Dataset content
(* Let $p\ge K\ge 2$ and $n\ge K$. Let $A=[A_1,\dots,A_K]\in\mathbb{R}^{p\times K}$ have nonnegative entries with each column summing to $1$, and let $W\in\mathbb{R}^{K\times n}$ have nonnegative entries with each column summing to $1$. Set $D_0=AW$ and assume $\mathrm{rank}(D_0)=K$, with the $K$ nonzero singular values of $D_0$ distinct. Let $a_i^T$ denote the $i$-th row of $A$ and assume every $a_i\neq 0$. Let $\xi_1,\dots,\xi_K$ be the left singular vectors of $D_0$ associated with its $K$ nonzero singular values, in decreasing order of the singular values, and let $\Xi=[\xi_1,\dots,\xi_K]$. Let $V=[V_1,\dots,V_K]\in\mathbb{R}^{K\times K}$ be the matrix with $\Xi=AV$. Assume that all entries of $\xi_1$ and of $V_1$ are positive. Define $R\in\mathbb{R}^{p\times(K-1)}$ by $R(i,k)=\xi_{k+1}(i)/\xi_1(i)$ and $V^*\in\mathbb{R}^{K\times(K-1)}$ by $V^*(j,k)=V_{k+1}(j)/V_1(j)$, for $1\le i\le p$, $1\le j\le K$, $1\le k\le K-1$. Let $r_1,\dots,r_p\in\mathbb{R}^{K-1}$ be the rows of $R$, let $v_1^*,\dots,v_K^*\in\mathbb{R}^{K-1}$ be the rows of $V^*$, and let $\Pi=[\mathrm{diag}(\xi_1)]^{-1}A\,\mathrm{diag}(V_1)\in\mathbb{R}^{p\times K}$ with rows $\pi_1,\dots,\pi_p$. Then: (i) $v_1^*,\dots,v_K^*$ are affinely independent, so they are the vertices of a non-degenerate simplex $\mathcal{S}_K^*\subset\mathbb{R}^{K-1}$; (ii) for every $1\le i\le p$, $\pi_i$ is a weight vector (nonnegative entries summing to $1$), with $\pi_i(j)>0$ if and only if $a_i(j)>0$, and $r_i=\sum_{j=1}^K\pi_i(j)v_j^*$; in particular, $r_i$ lies in $\mathcal{S}_K^*$, in the relative interior of the face of $\mathcal{S}_K^*$ spanned by $\{v_j^*: a_i(j)>0\}$; (iii) for every $1\le i\le p$ and $1\le k\le K$, $r_i=v_k^*$ if and only if word $i$ is an anchor word of topic $k$, i.e. $a_i(j)=0$ for all $j\ne k$.
   Context: This is the noiseless topic model (pLSI): column $k$ of $A$ is the word distribution of topic $k$ over a vocabulary of $p$ words, and column $j$ of $W$ is the topic mixing proportion of document $j$. Word $i$ is called an anchor word of topic $k$ if $A(i,k)\ne 0$ and $A(i,\ell)=0$ for all $\ell\ne k$. A weight vector is a vector with nonnegative entries summing to $1$. Since $\mathrm{rank}(D_0)=K$, the column span of $\Xi$ equals that of $A$, so the $K\times K$ matrix $V$ with $\Xi=AV$ exists, is unique and is nonsingular. *)

From HB Require Import structures.
From mathcomp Require Import all_boot all_order all_algebra.
From mathcomp Require Import reals.
Set Implicit Arguments. Unset Strict Implicit. Unset Printing Implicit Defensive.
Import Order.TTheory GRing.Theory Num.Theory.
Local Open Scope ring_scope.

Section Defs.
Variable R : realType.

Definition col_stochastic (m q : nat) (M : 'M[R]_(m, q)) : Prop :=
  (forall i j, 0 <= M i j) /\ (forall j, \sum_i M i j = 1).

Definition weight_vector (m : nat) (x : 'rV[R]_m) : Prop :=
  (forall j, 0 <= x 0 j) /\ \sum_j x 0 j = 1.

(* Xi (p x K) is the matrix whose columns are left singular vectors of D
   associated with K nonzero singular values s 0 > s 1 > ... > s (K-1) > 0,
   i.e. there are right singular vectors H (orthonormal columns, too) with
   D eta_k = s_k xi_k and D^T xi_k = s_k eta_k. *)
Definition left_singular_vectors (p n K : nat) (D : 'M[R]_(p, n))
    (Xi : 'M[R]_(p, K)) (s : 'I_K -> R) : Prop :=
  exists H : 'M[R]_(n, K),
    [/\ Xi^T *m Xi = 1%:M /\ H^T *m H = 1%:M,
        (forall k, D *m col k H = s k *: col k Xi),
        (forall k, D^T *m col k Xi = s k *: col k H),
        (forall k1 k2 : 'I_K, (k1 < k2)%N -> s k2 < s k1) &
        (forall k, 0 < s k)].

Definition affinely_independent (m d : nat) (v : 'I_m -> 'rV[R]_d) : Prop :=
  forall c : 'I_m -> R, \sum_j c j = 0 -> \sum_j c j *: v j = 0 ->
    forall j, c j = 0.

Definition in_simplex (m d : nat) (v : 'I_m -> 'rV[R]_d) (x : 'rV[R]_d) :=
  exists w : 'I_m -> R, (forall j, 0 <= w j) /\ \sum_j w j = 1 /\
    x = \sum_j w j *: v j.

(* x lies in the relative interior of the face spanned by {v j | S j}
   (v affinely independent): a convex combination with positive weights
   exactly on S. *)
Definition in_relint_face (m d : nat) (v : 'I_m -> 'rV[R]_d) (S : pred 'I_m)
    (x : 'rV[R]_d) :=
  exists w : 'I_m -> R, (forall j, S j -> 0 < w j) /\
    (forall j, ~~ S j -> w j = 0) /\ \sum_j w j = 1 /\
    x = \sum_j w j *: v j.

Definition anchor_word (p K : nat) (A : 'M[R]_(p, K)) (i : 'I_p) (k : 'I_K) :=
  A i k != 0 /\ forall l, l != k -> A i l = 0.

End Defs.

From HB Require Import structures.
From mathcomp Require Import all_boot all_order all_algebra.
From mathcomp Require Import reals.
From mathcomp Require Import ring.
Import Order.TTheory GRing.Theory Num.Theory.
Local Open Scope ring_scope.

(* Since Xi = A V, word i's ratio vector r_i = (xi_(l+1)(i) / xi_1(i))_l is an
   average of the ratio vectors v*_j = (V_(l+1)(j) / V_1(j))_l of the rows of V,
   with weights pi_i(j) = a_i(j) V_1(j) / xi_1(i), which sum to 1 because
   xi_1(i) = sum_j a_i(j) V_1(j).  These weights are nonnegative with the support
   of a_i.  V is invertible (Xi has orthonormal columns), so the v*_j are affinely
   independent; hence barycentric coordinates are unique, and r_i = v*_k exactly
   when pi_i is the k-th unit vector, i.e. when word i is an anchor word of k. *)

Section RatioCoordinates.
Context {F : fieldType}.

Definition ratio_mx {m k : nat} (M : 'M[F]_(m, k.+1)) : 'M[F]_(m, k) :=
  \matrix_(i, l) (M i (lift ord0 l) / M i ord0).

Definition ratio_weights {p K k : nat} (A : 'M[F]_(p, K)) (V : 'M[F]_(K, k.+1))
    : 'M[F]_(p, K) :=
  \matrix_(i, j) (A i j * V j ord0 / (A *m V) i ord0).

Lemma orthonormal_factor_unitmx {p K : nat} {A Xi : 'M[F]_(p, K)} {U : 'M[F]_K} :
  Xi^T *m Xi = 1%:M -> Xi = A *m U -> U \in unitmx.
Proof.
move=> XtX XiE; have : (Xi^T *m A) *m U = 1%:M by rewrite -mulmxA -XiE.
by case/mulmx1_unit.
Qed.

Lemma invmx_diag_mx {n : nat} (d : 'rV[F]_n) :
  (forall i, d 0 i != 0) -> invmx (diag_mx d) = diag_mx (\row_i (d 0 i)^-1).
Proof.
move=> d_neq0; set D' := diag_mx (\row_i _).
have D'D : D' *m diag_mx d = 1%:M.
  by rewrite mulmx_diag; apply/matrixP => i j; rewrite !mxE mulVf.
have [_ Du] := mulmx1_unit D'D.
by rewrite -[LHS]mul1mx -D'D -mulmxA mulmxV // mulmx1.
Qed.

Context {p K k : nat} {A : 'M[F]_(p, K)} {V : 'M[F]_(K, k.+1)}.

Lemma diag_scaled_mxE :
    (forall i, (A *m V) i ord0 != 0) ->
  invmx (diag_mx (col ord0 (A *m V))^T) *m A *m diag_mx (col ord0 V)^T
    = ratio_weights A V.
Proof.
move=> AV_neq0; rewrite invmx_diag_mx => [|i]; last by rewrite 2!mxE.
apply/matrixP => i j; rewrite mul_diag_mx mul_mx_diag !mxE.
by rewrite [RHS]mulrC mulrA.
Qed.

Lemma sum_ratio_weights i :
  (A *m V) i ord0 != 0 -> \sum_j ratio_weights A V i j = 1.
Proof.
under eq_bigr do rewrite mxE.
by rewrite -mulr_suml mxE => /mulfV.
Qed.

Lemma ratio_weights_eq0 i j :
    (A *m V) i ord0 != 0 -> V j ord0 != 0 ->
  (ratio_weights A V i j == 0) = (A i j == 0).
Proof.
by move=> AV_neq0 Vj_neq0; rewrite mxE !mulf_eq0 invr_eq0 (negPf AV_neq0)
  (negPf Vj_neq0) !orbF.
Qed.

Lemma row_ratio_mx_mul i :
    (A *m V) i ord0 != 0 -> (forall j, V j ord0 != 0) ->
  row i (ratio_mx (A *m V))
    = \sum_j ratio_weights A V i j *: row j (ratio_mx V).
Proof.
rewrite mxE => AV_neq0 V_neq0; apply/rowP => l.
rewrite summxE !mxE mulr_suml; apply: eq_bigr => j _; rewrite !mxE.
by field; rewrite V_neq0 AV_neq0.
Qed.

End RatioCoordinates.

Lemma ratio_weights_gt0 {R : realFieldType} {p K k : nat}
    {A : 'M[R]_(p, K)} {V : 'M[R]_(K, k.+1)} i j :
  0 < (A *m V) i ord0 -> 0 < V j ord0 ->
  (0 < ratio_weights A V i j) = (0 < A i j).
Proof.
by move=> AV_gt0 Vj_gt0; rewrite mxE pmulr_lgt0 ?invr_gt0 // pmulr_lgt0.
Qed.

Section AffineIndependence.
Variable R : realType.

Lemma row_free_ratio_affinely_independent (m k : nat) (V : 'M[R]_(m, k.+1)) :
    row_free V -> (forall j, V j ord0 != 0) ->
  affinely_independent (fun j => row j (ratio_mx V)).
Proof.
move=> Vfree V_neq0 c sum_c0 sum_cv0 j.
pose d := \row_j (c j / V j ord0).
(* d V collects the sum of the c j in column 0 and sum_j c j v_j elsewhere *)
have dV0 : d *m V = 0.
  apply/rowP => l; rewrite !mxE; case: (unliftP ord0 l) => [l'|] ->.
    transitivity ((\sum_j c j *: row j (ratio_mx V)) 0 l').
      by rewrite summxE; apply: eq_bigr => i _; rewrite !mxE mulrAC mulrA.
    by rewrite sum_cv0 mxE.
  by rewrite -[RHS]sum_c0; apply: eq_bigr => i _; rewrite mxE divfK.
have /rowP/(_ j)/eqP : d = 0 by apply: (row_free_inj Vfree); rewrite mul0mx.
by rewrite !mxE mulf_eq0 invr_eq0 (negPf (V_neq0 j)) orbF => /eqP.
Qed.

Lemma affinely_independent_eq_vertex (m d : nat) (v : 'I_m -> 'rV[R]_d)
    (w : 'I_m -> R) (k : 'I_m) :
    affinely_independent v -> \sum_j w j = 1 ->
  \sum_j w j *: v j = v k <-> forall j, j != k -> w j = 0.
Proof.
move=> v_aff sum_w1.
have sum_delta (T : lmodType R) (f : 'I_m -> T) :
    \sum_j (j == k)%:R *: f j = f k.
  rewrite (bigD1 k) //= eqxx scale1r big1 ?addr0 // => j /negPf ->.
  by rewrite scale0r.
split => [wv j jk | w0].
  suff /(_ j) : forall j, w j - (j == k)%:R = 0 by rewrite (negPf jk) subr0.
  apply: v_aff.
    rewrite sumrB sum_w1 (bigD1 k) //= eqxx big1 ?addr0 ?subrr // => i.
    by move/negPf ->.
  under eq_bigr do rewrite scalerBl.
  by rewrite sumrB wv sum_delta subrr.
have wk1 : w k = 1.
  by rewrite -sum_w1 (bigD1 k) //= big1 ?addr0 // => j /w0.
rewrite (bigD1 k) //= wk1 scale1r big1 ?addr0 // => j /w0 ->.
by rewrite scale0r.
Qed.

End AffineIndependence.

Lemma anchor_word_ratio_weights {R : realType} {p K k : nat}
    {A : 'M[R]_(p, K)} {V : 'M[R]_(K, k.+1)} i kk :
    (A *m V) i ord0 != 0 -> (forall j, V j ord0 != 0) ->
  anchor_word A i kk <-> forall j, j != kk -> ratio_weights A V i j = 0.
Proof.
move=> AV_neq0 V_neq0; have w_eq0 j := ratio_weights_eq0 i j AV_neq0 (V_neq0 j).
split => [[_ A0] j /A0/eqP | w0]; first by rewrite -w_eq0 => /eqP.
split => [|j /w0/eqP]; last by rewrite w_eq0 => /eqP.
apply: contra_neq (@oner_neq0 R) => Akk0.
rewrite -(sum_ratio_weights i AV_neq0) (bigD1 kk) //= big1 => [|j /w0 //].
by rewrite addr0; apply/eqP; rewrite w_eq0 Akk0.
Qed.

(* K = k.+1 topics; K-1 = k coordinates; column index k+1 is lift ord0 k. *)
Theorem lemma2 (R : realType) (p n k : nat)
  (A : 'M[R]_(p, k.+1)) (W : 'M[R]_(k.+1, n))
  (Xi : 'M[R]_(p, k.+1)) (s : 'I_k.+1 -> R) (V : 'M[R]_(k.+1, k.+1)) :
  (1 <= k)%N -> (k.+1 <= p)%N -> (k.+1 <= n)%N ->
  col_stochastic A -> col_stochastic W ->
  \rank (A *m W) = k.+1 ->
  (forall i, row i A != 0) ->
  left_singular_vectors (A *m W) Xi s ->
  Xi = A *m V ->
  (forall i, 0 < Xi i ord0) -> (forall j, 0 < V j ord0) ->
  let Rm : 'M[R]_(p, k) := \matrix_(i, l) (Xi i (lift ord0 l) / Xi i ord0) in
  let Vs : 'M[R]_(k.+1, k) := \matrix_(j, l) (V j (lift ord0 l) / V j ord0) in
  let Pi : 'M[R]_(p, k.+1) :=
    invmx (diag_mx (col ord0 Xi)^T) *m A *m diag_mx (col ord0 V)^T in
  let vs := fun j : 'I_k.+1 => row j Vs in
  [/\ affinely_independent vs,
      (forall i : 'I_p,
        [/\ weight_vector (row i Pi),
            (forall j, (0 < Pi i j) = (0 < A i j)),
            row i Rm = \sum_j Pi i j *: vs j,
            in_simplex vs (row i Rm) &
            in_relint_face vs (fun j => 0 < A i j) (row i Rm)]) &
      (forall (i : 'I_p) (kk : 'I_k.+1), row i Rm = vs kk <-> anchor_word A i kk)].
Proof.
move=> _ _ _ [A_ge0 _] _ _ _ [_ [[XtX _] _ _ _ _]] XiE.
have V_unit := orthonormal_factor_unitmx XtX XiE; subst Xi.
move=> AV_gt0 V_gt0 Rm Vs Pi vs.
have AV_neq0 i := lt0r_neq0 (AV_gt0 i); have V_neq0 j := lt0r_neq0 (V_gt0 j).
have -> : Pi = ratio_weights A V by apply: diag_scaled_mxE.
have vs_aff : affinely_independent vs.
  by apply: row_free_ratio_affinely_independent; rewrite ?row_free_unit.
have Rm_bary i : row i Rm = \sum_j ratio_weights A V i j *: vs j.
  exact: row_ratio_mx_mul.
have w_sum1 i := sum_ratio_weights i (AV_neq0 i).
have w_gt0 i j := ratio_weights_gt0 i j (AV_gt0 i) (V_gt0 j).
have w_ge0 i j : 0 <= ratio_weights A V i j.
  by rewrite mxE divr_ge0 ?mulr_ge0 ?A_ge0 ?ltW.
split => // [i | i kk]; first split => //.
- split => [j|]; first by rewrite mxE.
  by under eq_bigr do rewrite mxE.
- by exists (ratio_weights A V i).
- exists (ratio_weights A V i); split => [j|]; first by rewrite w_gt0.
  split => // j; rewrite lt_def A_ge0 andbT negbK => /eqP Aij0.
  by apply/eqP; rewrite ratio_weights_eq0 ?Aij0.
rewrite Rm_bary affinely_independent_eq_vertex //.
by apply: iff_sym; apply: anchor_word_ratio_weights.
Qed.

What to produce
In the answer, return exactly the lines from the line containing "by apply/eqP; rewrite" to the end of the records above, and no others.

Task output
  by apply/eqP; rewrite ratio_weights_eq0 ?Aij0.
rewrite Rm_bary affinely_independent_eq_vertex //.
by apply: iff_sym; apply: anchor_word_ratio_weights.
Qed.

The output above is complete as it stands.